• Task to carry out: Given the entries that follow, write out exactly the lines starting at the one containing "move=> c0 hd" and ending at the one containing "Definition query_var (t", both ends included, and only those.

• Available records:
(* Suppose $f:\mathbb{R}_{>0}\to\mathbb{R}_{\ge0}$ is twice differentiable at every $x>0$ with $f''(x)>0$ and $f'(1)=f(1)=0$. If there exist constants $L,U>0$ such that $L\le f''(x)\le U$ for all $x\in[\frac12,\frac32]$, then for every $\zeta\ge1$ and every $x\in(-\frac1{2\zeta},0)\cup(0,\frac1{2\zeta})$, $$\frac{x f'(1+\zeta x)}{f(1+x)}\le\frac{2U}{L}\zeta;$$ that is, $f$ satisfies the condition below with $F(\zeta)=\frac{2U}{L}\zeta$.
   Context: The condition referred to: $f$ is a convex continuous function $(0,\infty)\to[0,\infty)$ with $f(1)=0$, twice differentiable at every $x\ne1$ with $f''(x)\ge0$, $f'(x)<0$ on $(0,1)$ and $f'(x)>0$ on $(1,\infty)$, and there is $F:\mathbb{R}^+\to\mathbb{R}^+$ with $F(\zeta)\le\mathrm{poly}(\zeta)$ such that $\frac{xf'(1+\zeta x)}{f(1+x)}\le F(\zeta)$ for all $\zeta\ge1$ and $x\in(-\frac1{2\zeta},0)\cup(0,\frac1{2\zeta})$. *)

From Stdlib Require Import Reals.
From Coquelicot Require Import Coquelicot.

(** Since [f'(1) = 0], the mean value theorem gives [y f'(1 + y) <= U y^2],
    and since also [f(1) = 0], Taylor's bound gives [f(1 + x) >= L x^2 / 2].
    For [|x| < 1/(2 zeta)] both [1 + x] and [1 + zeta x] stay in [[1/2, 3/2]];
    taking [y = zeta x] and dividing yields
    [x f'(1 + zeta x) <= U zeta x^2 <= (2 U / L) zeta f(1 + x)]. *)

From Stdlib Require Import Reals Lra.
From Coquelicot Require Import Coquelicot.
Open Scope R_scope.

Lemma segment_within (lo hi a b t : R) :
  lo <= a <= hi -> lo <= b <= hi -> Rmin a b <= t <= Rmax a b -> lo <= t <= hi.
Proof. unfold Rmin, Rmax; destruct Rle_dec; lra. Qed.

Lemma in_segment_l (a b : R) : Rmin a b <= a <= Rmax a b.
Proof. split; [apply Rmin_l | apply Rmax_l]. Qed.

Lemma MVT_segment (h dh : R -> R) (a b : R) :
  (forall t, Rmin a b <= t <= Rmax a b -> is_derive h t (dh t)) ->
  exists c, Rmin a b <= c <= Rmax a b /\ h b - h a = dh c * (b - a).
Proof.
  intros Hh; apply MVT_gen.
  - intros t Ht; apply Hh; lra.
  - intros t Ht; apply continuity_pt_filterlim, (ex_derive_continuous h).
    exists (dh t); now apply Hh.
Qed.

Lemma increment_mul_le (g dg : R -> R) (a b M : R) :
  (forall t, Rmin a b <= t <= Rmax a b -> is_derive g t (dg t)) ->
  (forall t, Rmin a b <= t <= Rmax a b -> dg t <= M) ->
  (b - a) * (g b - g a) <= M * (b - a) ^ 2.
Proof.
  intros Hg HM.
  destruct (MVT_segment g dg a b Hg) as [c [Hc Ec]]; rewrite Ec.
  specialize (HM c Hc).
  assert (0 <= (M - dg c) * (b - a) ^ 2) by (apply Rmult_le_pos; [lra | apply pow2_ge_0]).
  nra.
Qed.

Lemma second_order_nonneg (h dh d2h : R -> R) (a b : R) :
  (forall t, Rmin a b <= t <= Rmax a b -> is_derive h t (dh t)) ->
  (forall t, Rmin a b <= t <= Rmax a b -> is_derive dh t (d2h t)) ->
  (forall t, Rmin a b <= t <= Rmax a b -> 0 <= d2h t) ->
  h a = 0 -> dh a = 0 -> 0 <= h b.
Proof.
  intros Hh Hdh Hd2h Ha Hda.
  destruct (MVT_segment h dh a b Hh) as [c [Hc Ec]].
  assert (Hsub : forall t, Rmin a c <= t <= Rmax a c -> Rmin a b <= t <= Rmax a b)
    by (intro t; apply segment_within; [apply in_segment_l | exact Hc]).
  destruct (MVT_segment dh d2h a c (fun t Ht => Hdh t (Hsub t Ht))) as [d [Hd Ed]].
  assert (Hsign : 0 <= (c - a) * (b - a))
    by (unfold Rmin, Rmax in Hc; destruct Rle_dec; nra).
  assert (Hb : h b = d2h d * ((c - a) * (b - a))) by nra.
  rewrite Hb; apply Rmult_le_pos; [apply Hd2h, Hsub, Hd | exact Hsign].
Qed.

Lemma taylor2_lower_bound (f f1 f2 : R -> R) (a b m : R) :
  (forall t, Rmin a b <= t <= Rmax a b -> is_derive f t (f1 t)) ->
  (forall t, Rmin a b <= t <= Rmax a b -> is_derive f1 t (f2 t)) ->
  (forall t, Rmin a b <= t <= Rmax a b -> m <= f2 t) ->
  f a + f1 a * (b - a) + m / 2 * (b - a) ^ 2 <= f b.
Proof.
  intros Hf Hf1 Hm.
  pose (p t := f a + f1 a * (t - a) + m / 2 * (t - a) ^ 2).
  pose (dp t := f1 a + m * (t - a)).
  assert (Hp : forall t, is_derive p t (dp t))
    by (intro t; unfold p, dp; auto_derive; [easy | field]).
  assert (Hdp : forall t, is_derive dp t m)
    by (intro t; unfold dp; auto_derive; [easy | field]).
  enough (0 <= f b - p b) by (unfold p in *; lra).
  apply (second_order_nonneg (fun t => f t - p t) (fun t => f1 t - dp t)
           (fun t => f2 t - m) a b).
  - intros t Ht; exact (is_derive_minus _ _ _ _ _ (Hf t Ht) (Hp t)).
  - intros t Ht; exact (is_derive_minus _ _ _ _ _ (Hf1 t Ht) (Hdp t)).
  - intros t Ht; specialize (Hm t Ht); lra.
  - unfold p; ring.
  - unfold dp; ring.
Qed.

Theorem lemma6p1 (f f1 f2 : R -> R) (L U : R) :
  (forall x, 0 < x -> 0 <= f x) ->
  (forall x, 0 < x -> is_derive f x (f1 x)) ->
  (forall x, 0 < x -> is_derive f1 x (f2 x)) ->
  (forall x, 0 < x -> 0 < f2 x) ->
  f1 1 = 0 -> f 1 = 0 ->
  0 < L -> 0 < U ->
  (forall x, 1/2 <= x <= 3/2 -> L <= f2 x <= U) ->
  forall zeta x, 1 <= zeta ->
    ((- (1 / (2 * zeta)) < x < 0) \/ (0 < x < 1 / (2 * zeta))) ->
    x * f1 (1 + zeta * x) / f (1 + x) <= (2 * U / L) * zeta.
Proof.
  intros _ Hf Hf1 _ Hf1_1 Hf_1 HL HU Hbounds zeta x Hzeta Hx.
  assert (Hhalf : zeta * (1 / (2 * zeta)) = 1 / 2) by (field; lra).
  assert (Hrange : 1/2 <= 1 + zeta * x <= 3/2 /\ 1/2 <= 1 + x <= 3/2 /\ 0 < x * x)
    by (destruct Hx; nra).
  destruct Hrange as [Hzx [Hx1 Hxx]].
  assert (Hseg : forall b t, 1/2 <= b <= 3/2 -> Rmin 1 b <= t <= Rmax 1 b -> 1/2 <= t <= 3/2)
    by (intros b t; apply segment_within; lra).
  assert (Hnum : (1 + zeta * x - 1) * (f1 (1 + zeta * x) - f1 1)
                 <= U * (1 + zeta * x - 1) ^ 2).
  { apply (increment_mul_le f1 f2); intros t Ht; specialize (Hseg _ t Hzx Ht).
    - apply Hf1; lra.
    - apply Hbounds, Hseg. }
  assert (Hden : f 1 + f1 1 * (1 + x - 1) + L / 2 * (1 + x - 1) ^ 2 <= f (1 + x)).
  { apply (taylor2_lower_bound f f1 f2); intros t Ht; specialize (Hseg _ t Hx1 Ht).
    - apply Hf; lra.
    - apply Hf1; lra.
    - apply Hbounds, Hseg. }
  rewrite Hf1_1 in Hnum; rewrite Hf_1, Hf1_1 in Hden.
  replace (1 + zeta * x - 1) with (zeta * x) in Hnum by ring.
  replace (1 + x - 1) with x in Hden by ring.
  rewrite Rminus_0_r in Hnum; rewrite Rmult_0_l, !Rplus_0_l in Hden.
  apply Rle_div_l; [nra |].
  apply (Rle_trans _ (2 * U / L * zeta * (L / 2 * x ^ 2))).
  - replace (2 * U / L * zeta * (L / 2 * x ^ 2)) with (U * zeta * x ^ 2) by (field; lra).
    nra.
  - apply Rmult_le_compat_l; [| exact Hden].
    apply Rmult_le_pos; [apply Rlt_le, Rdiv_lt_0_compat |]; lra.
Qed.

==

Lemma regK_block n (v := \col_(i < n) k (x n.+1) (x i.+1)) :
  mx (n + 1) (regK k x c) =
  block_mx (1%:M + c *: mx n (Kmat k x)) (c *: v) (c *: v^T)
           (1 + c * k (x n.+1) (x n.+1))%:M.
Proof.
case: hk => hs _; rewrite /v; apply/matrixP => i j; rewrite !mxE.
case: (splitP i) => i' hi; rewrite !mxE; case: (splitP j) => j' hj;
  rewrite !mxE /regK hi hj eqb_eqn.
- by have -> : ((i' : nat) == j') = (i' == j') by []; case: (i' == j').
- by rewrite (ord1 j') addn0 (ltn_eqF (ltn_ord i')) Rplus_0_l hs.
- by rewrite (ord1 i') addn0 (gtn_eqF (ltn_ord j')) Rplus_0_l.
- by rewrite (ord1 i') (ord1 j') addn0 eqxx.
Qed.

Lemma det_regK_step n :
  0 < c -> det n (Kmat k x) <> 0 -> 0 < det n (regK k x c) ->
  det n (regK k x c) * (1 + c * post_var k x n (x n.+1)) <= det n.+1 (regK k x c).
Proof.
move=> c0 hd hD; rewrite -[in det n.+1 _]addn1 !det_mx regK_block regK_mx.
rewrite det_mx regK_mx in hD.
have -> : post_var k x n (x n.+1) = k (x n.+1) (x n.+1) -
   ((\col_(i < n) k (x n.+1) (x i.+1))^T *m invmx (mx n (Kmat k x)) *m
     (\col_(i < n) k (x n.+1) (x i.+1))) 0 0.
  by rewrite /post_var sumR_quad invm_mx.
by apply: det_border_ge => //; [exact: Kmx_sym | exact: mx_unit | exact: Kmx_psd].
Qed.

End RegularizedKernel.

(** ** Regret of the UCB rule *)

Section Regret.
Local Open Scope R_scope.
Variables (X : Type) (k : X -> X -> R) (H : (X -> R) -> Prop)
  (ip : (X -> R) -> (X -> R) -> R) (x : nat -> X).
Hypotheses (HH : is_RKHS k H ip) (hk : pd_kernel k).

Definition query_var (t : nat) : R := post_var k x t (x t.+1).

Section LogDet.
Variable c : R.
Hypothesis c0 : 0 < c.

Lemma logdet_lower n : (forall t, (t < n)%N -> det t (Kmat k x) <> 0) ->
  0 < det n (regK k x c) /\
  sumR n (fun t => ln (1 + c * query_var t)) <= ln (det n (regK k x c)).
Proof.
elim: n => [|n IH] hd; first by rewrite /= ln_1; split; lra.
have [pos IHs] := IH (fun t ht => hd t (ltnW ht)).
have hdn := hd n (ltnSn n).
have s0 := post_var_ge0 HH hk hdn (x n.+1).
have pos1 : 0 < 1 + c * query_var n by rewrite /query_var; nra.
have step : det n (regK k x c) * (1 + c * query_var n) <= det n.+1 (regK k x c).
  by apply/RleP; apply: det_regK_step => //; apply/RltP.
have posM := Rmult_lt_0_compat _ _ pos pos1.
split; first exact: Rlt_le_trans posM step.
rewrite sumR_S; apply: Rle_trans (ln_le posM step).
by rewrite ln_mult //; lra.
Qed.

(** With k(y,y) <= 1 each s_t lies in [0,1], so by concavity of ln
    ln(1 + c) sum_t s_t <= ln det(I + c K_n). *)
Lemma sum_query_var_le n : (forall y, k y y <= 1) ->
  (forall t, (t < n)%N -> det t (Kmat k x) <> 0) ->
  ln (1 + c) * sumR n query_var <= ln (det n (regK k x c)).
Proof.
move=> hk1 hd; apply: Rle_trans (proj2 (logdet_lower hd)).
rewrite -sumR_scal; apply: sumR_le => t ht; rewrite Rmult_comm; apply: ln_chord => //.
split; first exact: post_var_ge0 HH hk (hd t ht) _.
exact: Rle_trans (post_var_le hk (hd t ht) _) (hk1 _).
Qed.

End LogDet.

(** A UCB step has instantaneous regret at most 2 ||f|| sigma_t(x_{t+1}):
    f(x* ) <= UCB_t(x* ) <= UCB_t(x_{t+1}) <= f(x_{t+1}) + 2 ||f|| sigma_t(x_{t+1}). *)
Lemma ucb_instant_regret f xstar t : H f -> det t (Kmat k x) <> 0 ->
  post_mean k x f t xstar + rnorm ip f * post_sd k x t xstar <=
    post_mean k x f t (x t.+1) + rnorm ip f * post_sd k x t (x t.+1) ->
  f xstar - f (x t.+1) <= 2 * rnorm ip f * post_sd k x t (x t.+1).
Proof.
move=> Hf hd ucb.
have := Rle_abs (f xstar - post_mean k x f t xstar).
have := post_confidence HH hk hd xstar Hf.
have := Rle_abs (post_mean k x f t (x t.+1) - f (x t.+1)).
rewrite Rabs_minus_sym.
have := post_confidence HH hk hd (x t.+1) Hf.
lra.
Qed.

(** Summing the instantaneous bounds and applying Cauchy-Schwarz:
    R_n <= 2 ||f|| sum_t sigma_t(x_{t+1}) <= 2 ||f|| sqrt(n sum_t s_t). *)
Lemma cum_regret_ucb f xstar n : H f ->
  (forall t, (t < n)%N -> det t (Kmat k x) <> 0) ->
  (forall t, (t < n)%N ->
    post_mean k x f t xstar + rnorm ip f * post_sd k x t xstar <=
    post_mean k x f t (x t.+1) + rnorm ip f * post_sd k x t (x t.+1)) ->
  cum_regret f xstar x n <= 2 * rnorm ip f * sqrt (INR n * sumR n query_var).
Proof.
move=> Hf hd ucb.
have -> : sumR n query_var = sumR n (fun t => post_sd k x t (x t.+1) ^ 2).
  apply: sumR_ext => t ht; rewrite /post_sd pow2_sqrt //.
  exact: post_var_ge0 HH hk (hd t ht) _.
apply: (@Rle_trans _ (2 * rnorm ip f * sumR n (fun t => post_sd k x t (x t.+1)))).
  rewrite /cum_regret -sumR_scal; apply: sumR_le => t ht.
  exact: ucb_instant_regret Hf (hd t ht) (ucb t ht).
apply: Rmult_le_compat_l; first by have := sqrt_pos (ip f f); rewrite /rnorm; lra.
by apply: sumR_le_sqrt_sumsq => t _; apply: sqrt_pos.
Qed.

• Solved problem:
move=> c0 hd hD; rewrite -[in det n.+1 _]addn1 !det_mx regK_block regK_mx.
rewrite det_mx regK_mx in hD.
have -> : post_var k x n (x n.+1) = k (x n.+1) (x n.+1) -
   ((\col_(i < n) k (x n.+1) (x i.+1))^T *m invmx (mx n (Kmat k x)) *m
     (\col_(i < n) k (x n.+1) (x i.+1))) 0 0.
  by rewrite /post_var sumR_quad invm_mx.
by apply: det_border_ge => //; [exact: Kmx_sym | exact: mx_unit | exact: Kmx_psd].
Qed.

End RegularizedKernel.

(** ** Regret of the UCB rule *)

Section Regret.
Local Open Scope R_scope.
Variables (X : Type) (k : X -> X -> R) (H : (X -> R) -> Prop)
  (ip : (X -> R) -> (X -> R) -> R) (x : nat -> X).
Hypotheses (HH : is_RKHS k H ip) (hk : pd_kernel k).

Definition query_var (t : nat) : R := post_var k x t (x t.+1).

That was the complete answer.